Spring is my favorite season!! Winter is definitely over, the flowers are blooming...but so is the pollen! Allergy season begins in full swing for lots of suffering patients. One of the biggest challenges as a physician, is how to figure out if the patient's sinus congestion, sneezing, runny nose etc are truly from allergies or other viral respiratory infections (the common cold or COVID for example). But, there are some key differences to be aware of. Here are the 3 clues I use to differentiate seasonal allergies from a viral respiratory infection.


1. Duration of symptoms : One of the main differences between seasonal allergies and a cold is the duration of symptoms. A cold typically lasts for about a week, while allergy symptoms can last for several weeks or even months. Sometimes, the symptoms even wax and wane where people will feel like their "cold" has improved, only to have recurrent symptoms a few days or weeks later. If you have been experiencing symptoms for an extended period, it is more likely that you are dealing with allergies rather than a cold.

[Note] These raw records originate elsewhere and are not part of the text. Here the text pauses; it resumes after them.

(* A splitting partition of maximal size has indecomposable blocks, since a
   proper splitting of one block would give a larger one. *)
Lemma exists_indecomposable_splitting :
  exists P, [/\ partition P [set: X], fmid f P = f &
                forall B, B \in P -> indecomposable_set f B].
Proof.
pose good P := partition P [set: X] && (fmid f P == f).
have [P0 good0] : exists P, good P.
  have [X0 | X0] := eqVneq [set: X] set0.
    exists set0; rewrite /good X0 partition_set0 eqxx; apply/eqP/ffunP=> A.
    have /eqP -> : A == set0 by rewrite -subset0 -X0 subsetT.
    by rewrite ffunE big_set0 f0.
  exists [set [set: X]]; rewrite /good partition_setT1 //; apply/eqP/ffunP=> A.
  by rewrite ffunE big_set1 setIT.
have [P goodP maxP] := arg_maxnP (fun P => #|P|) good0.
have /andP[partP /eqP fP] := goodP.
exists P; split=> // B PB; split=> [|Z ZB splitB]; first exact: partition_neq0 partP PB.
have [-> | Z0] := eqVneq Z set0; first by left.
have [BZ0 | BZ0] := eqVneq (B :\: Z) set0.
  by right; apply/eqP; rewrite eqEsubset ZB -setD_eq0 BZ0 eqxx.
have good' : good (split_block P B Z).
  by apply/andP; split; [exact: partition_split_block | apply/eqP; exact: fmid_split_block].
by have := maxP _ good'; rewrite card_split_block //= ltnn.
Qed.

Lemma is_icpartE P :
  is_icpart f P <->
  [/\ partition P [set: X], fmid f P = f & forall B, B \in P -> indecomposable_set f B].
Proof.
have restrI A B : restr B f [set y : subT B | val y \in A] = f (A :&: B).
  by rewrite -restr_preimset; congr (restr B f _); apply/setP=> y; rewrite !inE.
have fmidE : fmid f P = f <-> forall A, f A = \sum_(B in P) restr B f [set y | val y \in A].
  split=> [fP A | fP]; last by apply/ffunP=> A; rewrite ffunE fP; apply: eq_bigr.
  by rewrite -{1}fP ffunE; apply: eq_bigr.
split=> [[partP [/fmidE fP indP]] | [partP /fmidE fP indP]].
  by split=> // B PB; apply/(indecomposable_restr B f0)/indP.
by do 2!split=> //; move=> B PB; apply/(indecomposable_restr B f0)/indP.
Qed.

Lemma icpart_spec :
  [/\ partition (icpart f) [set: X], fmid f (icpart f) = f &
      forall B, B \in icpart f -> indecomposable_set f B].
Proof.
apply/is_icpartE; rewrite /icpart; apply: epsilon_spec.
by have [P ?] := exists_indecomposable_splitting; exists P; apply/is_icpartE.
Qed.

End Splittings.

Lemma fmid_bool (X : finType) (f : bfun X) (P : {set {set X}}) :
  is_bool f -> is_bool (fmid f P).
Proof. by move=> f0; rewrite /is_bool ffunE big1 // => B _; rewrite set0I f0. Qed.

Lemma EW_indecomposable_partition (X : finType) (f : bfun X) (P : {set {set X}}) :
  is_bool f -> EW f P <-> indecomposable_partition f P.
Proof.
move=> f0; rewrite /EW /indecomposable_partition /ic.
have [partR gR indR] := icpart_spec (fmid_bool P f0).
have RP : partition P [set: X] -> refines (icpart (fmid f P)) P.
  move=> partP C RC.
  exact: (indecomposable_sub_block (fmid_bool P f0) partP (fmidK f0 partP) (indR C RC)).
split=> -[partP] => [cardR | indP]; split=> //.
  move=> B PB; rewrite -(indecomposable_set_fmid f0 partP PB).
  by apply: indR; rewrite (refines_card_eq partR partP (RP partP) cardR).
rewrite (refines_antisym partR partP (RP partP)) // => B PB.
apply: (indecomposable_sub_block (fmid_bool P f0) partR gR).
by rewrite (indecomposable_set_fmid f0 partP PB); apply: indP.
Qed.

Lemma tr_partK (X X' : finType) (s : X -> X') (s' : X' -> X) :
  cancel s s' -> cancel (tr_part s) (tr_part s').
Proof.
move=> sK P; rewrite /tr_part -imset_comp -[RHS]imset_id; apply: eq_imset => C /=.
by rewrite -imset_comp -[RHS]imset_id; apply: eq_imset => x /=.
Qed.

Section SplitAtBlock.
Variables (X : finType) (B : {set X}).

Definition split_at (x : X) : subT (~: B) + subT B :=
  match Bool.bool_dec (x \in B) true with
  | left xB => inr (exist _ x xB)
  | right xNB => inl (exist _ x (etrans (in_setC x B) (introN idP xNB)))
  end.

Definition unsplit (u : subT (~: B) + subT B) : X :=
  match u with inl y => val y | inr y => val y end.

Lemma split_atK : cancel split_at unsplit.
Proof. by move=> x; rewrite /split_at; case: Bool.bool_dec. Qed.

Lemma unsplitK : cancel unsplit split_at.
Proof.
case=> y; rewrite /split_at /=; case: Bool.bool_dec => yB.
- by have := valP y; rewrite inE yB.
- by congr inl; apply: val_inj.
- by congr inr; apply: val_inj.
- by case: yB; apply: valP.
Qed.

Lemma split_at_bij : bijective split_at.
Proof. exact: Bijective split_atK unsplitK. Qed.

Lemma restrl_split_at (f : bfun X) : restrl (transp split_at f) = restr (~: B) f.
Proof.
apply/ffunP=> A; rewrite !ffunE -(can2_imset_pre _ unsplitK split_atK) -imset_comp.
by congr (f _); apply: eq_imset.
Qed.

Lemma restrr_split_at (f : bfun X) : restrr (transp split_at f) = restr B f.
Proof.
apply/ffunP=> A; rewrite !ffunE -(can2_imset_pre _ unsplitK split_atK) -imset_comp.
by congr (f _); apply: eq_imset.
Qed.

Lemma imset_split_at_block : split_at @: B = inr @: [set: subT B].
Proof.
rewrite (can2_imset_pre _ split_atK unsplitK); apply/setP=> -[y|y]; rewrite !inE /=.
  apply/idP/imsetP=> [yB | [] //]; by have := valP y; rewrite inE yB.
by rewrite (mem_imset _ _ inr_inj) inE; apply: valP.
Qed.

Lemma imset_split_at_rest (C : {set X}) :
  C \subset ~: B -> split_at @: C = inl @: (val @^-1: C : {set subT (~: B)}).
Proof.
move=> CB; rewrite (can2_imset_pre _ split_atK unsplitK).
apply/setP=> -[y|y]; rewrite !inE /=; first by rewrite (mem_imset _ _ (@inl_inj _ _)) inE.
apply/idP/imsetP=> [yC | [] //]; by have := subsetP CB _ yC; rewrite inE (valP y).
Qed.

Definition rest_part (P : {set {set X}}) : {set {set subT (~: B)}} :=
  [set val @^-1: C | C : {set X} in P :\ B].

Variable P : {set {set X}}.
Hypotheses (partP : partition P [set: X]) (PB : B \in P).

Lemma imset_val_rest_part : [set val @: D | D : {set subT (~: B)} in rest_part P] = P :\ B.
Proof.
rewrite -imset_comp -[RHS]imset_id; apply: eq_in_imset => C PC /=.
by rewrite imset_val_preimset; apply/setIidPl/(partition_subsetC partP PB).
Qed.

Lemma partition_rest_part : partition (rest_part P) [set: subT (~: B)].
Proof.
rewrite -(imset_partition _ _ val_inj) imset_val_rest_part imset_val_setT -setTD.
exact: partitionD1.
Qed.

2. Itchy and watery eyes: Another symptom that is more commonly associated with allergies than a cold is itchy and watery eyes. Allergies can cause irritation in the eyes, leading to redness, itching, and tearing. Sometimes cold symptoms can cause conjunctivitis ("pink eye"), but the itchiness specifically tends to be more allergy-related.


3. Fever: Fever is another symptom that is more commonly associated with a cold than allergies. A cold can cause a mild fever, while allergies do not typically cause a fever. I've definitely had patients that feel subjective fevers/ chills from terrible allergies, but in general allergies will not cause a true elevated temperature.


In conclusion, there are several key differences between seasonal allergies and a common cold. If your symptoms have been present for an extended period, you are experiencing itchy and watery eyes, or you have a fever, it is more likely that you are dealing with a cold. However, if your symptoms have been present for a longer duration and you are not experiencing a fever, it is more likely that you are dealing with allergies. If you are unsure about your symptoms, it is always a good idea to chat with your doctor to figure it out.


And pro-tip: if you do have known seasonal allergies: don't wait until your allergies are full-blown to start treating it. At the first sign, it may be a good idea to initiate the allergy treatment that works for you (antihistamines for example). Trust me, you'll thank me later!